I was just thinking that after making my post. I don't think they are going to be able to tell a half gallon extra. Unless that is, if they really do check the amount drop for drop. That would just be scary at that point.:shock:


----------



## MrVampire181 (May 12, 2009)

How will they notice a little extra water?


----------



## dr2b (May 31, 2009)

They do make a good point - I mean what are they going to do ... watch you fill it the first time and see if it takes exactly 5.5 gallons??


----------



## neenjar (Jun 19, 2009)

After you put gravel and decorations in a 5.5 gallon tank it holds just under 5 gallons of water  Use 10 pounds of gravel.


----------



## TianTian (Apr 14, 2009)

Ohhmgeitsbri said:


> i really like how your fish look


Thanks! :-D

And yep, after reading through y'all's comments and thinking it over... I think I'll go for the 5.5 gallon tank. I'm sure my Hall Coordinator won't mind too much (she knows about Tian-Tian already 'cause she was there when I brought him home the first time). I will definitely go for the extra gravel, haha! :lol:

I'll see if I can coerce someone to get me a ride over to the fish store later today (I gotta get some epic housework done, first). Yay for moving back in with the folks for the summer? lol

Well my boys must be catching on to my diabolical plan, for neither of them ate dinner tonight. Granted, I failed to feed them last night, so I must've thrown the both of them off. :roll: but they've done this before and bounced right back, so I'm not too worried at this point. 

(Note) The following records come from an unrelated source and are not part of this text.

(* Let $0<\varepsilon\le1$ and let $\vec U\in V_{\mathrm{per}}(\Omega^\varepsilon)$ and $P\in L^2(\Omega^\varepsilon)$ satisfy, for constants $C_1,C_2$ independent of $\varepsilon$, (i) $\|\operatorname{div}\vec U\|_{L^2(\Omega^\varepsilon)}\le C_1\varepsilon^{5/2}$, and (ii) for all $\vec\varphi\in V_{\mathrm{per}}(\Omega^\varepsilon)$: $$\Big|\int_{\Omega^\varepsilon}\nabla\vec U:\nabla\vec\varphi-\int_{\Omega^\varepsilon}P\,\operatorname{div}\vec\varphi\Big|\le C_2\varepsilon^{3/2}\big(\|\nabla\vec\varphi\|_{L^2(\Omega^\varepsilon)^4}+\|\vec\varphi\|_{H^1(\Omega_{\mathrm{ff}})^2}\big).$$ Then there is a constant $C$ (depending only on $C_1,C_2$) such that $$\|\nabla\vec U\|^2_{L^2(\Omega^\varepsilon)^4}\le C\varepsilon^{5/2}\|P\|_{L^2(\Omega^\varepsilon)}+C\varepsilon^{3/2}\big(\|\nabla\vec U\|_{L^2(\Omega^\varepsilon_{\mathrm{pm}})^4}+\|\vec U\|_{H^1(\Omega_{\mathrm{ff}})^2}\big).$$
   Context: Two-dimensional setting with scale parameter $\varepsilon=\ell/L$. The pore-scale flow domain is $\Omega^\varepsilon=\Omega_{\mathrm{ff}}\cup\Sigma\cup\Omega^\varepsilon_{\mathrm{pm}}$, where $\Omega_{\mathrm{ff}}=(0,L)\times(0,h)$ is the free-flow region, $\Sigma=(0,L)\times\{0\}$ the interface, and $\Omega^\varepsilon_{\mathrm{pm}}$ is the fluid part of the porous region $(0,L)\times(-H,0)$, obtained by periodic repetition of $\varepsilon$-scaled unit cells $\varepsilon Y$ containing a solid inclusion $\varepsilon Y_s$ strictly inside each cell. The test space is $V_{\mathrm{per}}(\Omega^\varepsilon)=\{\vec\phi\in H^1(\Omega^\varepsilon)^2:\ \vec\phi=\vec0$ on the boundaries of the solid inclusions, $\vec\phi=\vec 0$ on $\{x_2=h\}$, $\phi_2=0$ on $\{x_2=-H\}$, $\vec\phi$ is $L$-periodic in $x_1\}$. In the paper, $(\vec U,P)$ is the pair $(\vec U^{6,\varepsilon},P^{6,\varepsilon})$ of velocity and pressure errors between the pore-scale Stokes solution and the constructed multiscale approximation, for which (i) and (ii) are the conclusions of Corollaries 3.3 and 3.4. *)

From HB Require Import structures.
From mathcomp Require Import all_boot all_order all_algebra.
From mathcomp Require Import all_classical all_reals all_analysis.
Set Implicit Arguments. Unset Strict Implicit. Unset Printing Implicit Defensive.
Import Order.TTheory GRing.Theory Num.Theory numFieldNormedType.Exports.
Local Open Scope classical_set_scope.
Local Open Scope ring_scope.

Section Defs.
Variable R : realType.

Definition pt := (R * R)%type.

Definition leb2 := ((@lebesgue_measure R) \x (@lebesgue_measure R))%E.

Definition rint (D : set pt) (f : pt -> R) : R :=
  fine (\int[leb2]_(x in D) (f x)%:E)%E.

Definition L2 (D : set pt) (f : pt -> R) : Prop :=
  measurable_fun D f /\ leb2.-integrable D (fun x => (f x ^+ 2)%:E).

Definition L2norm (D : set pt) (f : pt -> R) : R :=
  Num.sqrt (rint D (fun x => f x ^+ 2)).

So! If anyone has tips for accommodating two fish into the same tank for the first time, I'd love to hear how y'all did it. :-D


----------



## TianTian (Apr 14, 2009)

Update: my boys were eating just fine this morning.  So all is well. 

I have yet to go over to the store... but I'm looking forward to it!!


----------



## dramaqueen (Jul 7, 2008)

What about a 5 gallon critter keeper?


----------



## Angelmonster (May 27, 2009)

No, I would only divide 10 gallons and up. A 2.5 in half is just a bigger pet store cup :-(


----------



## dramaqueen (Jul 7, 2008)

I think there are critter keepers that are close to 10 gallons.


----------



## ifish (Apr 30, 2009)

that tacos tank looks like a critter keeper


----------



## TianTian (Apr 14, 2009)

Lemme remind y'all: I can't keep a 10 gallon tank in my dorm. Otherwise I would. 

A critter keeper could work... I just don't like how bulky they look on the top (Taco's tank, for example). And with two fish I might get a filter.... but we'll see. 

Didn't get to the fish store today. That'll have to be a project for next week.


----------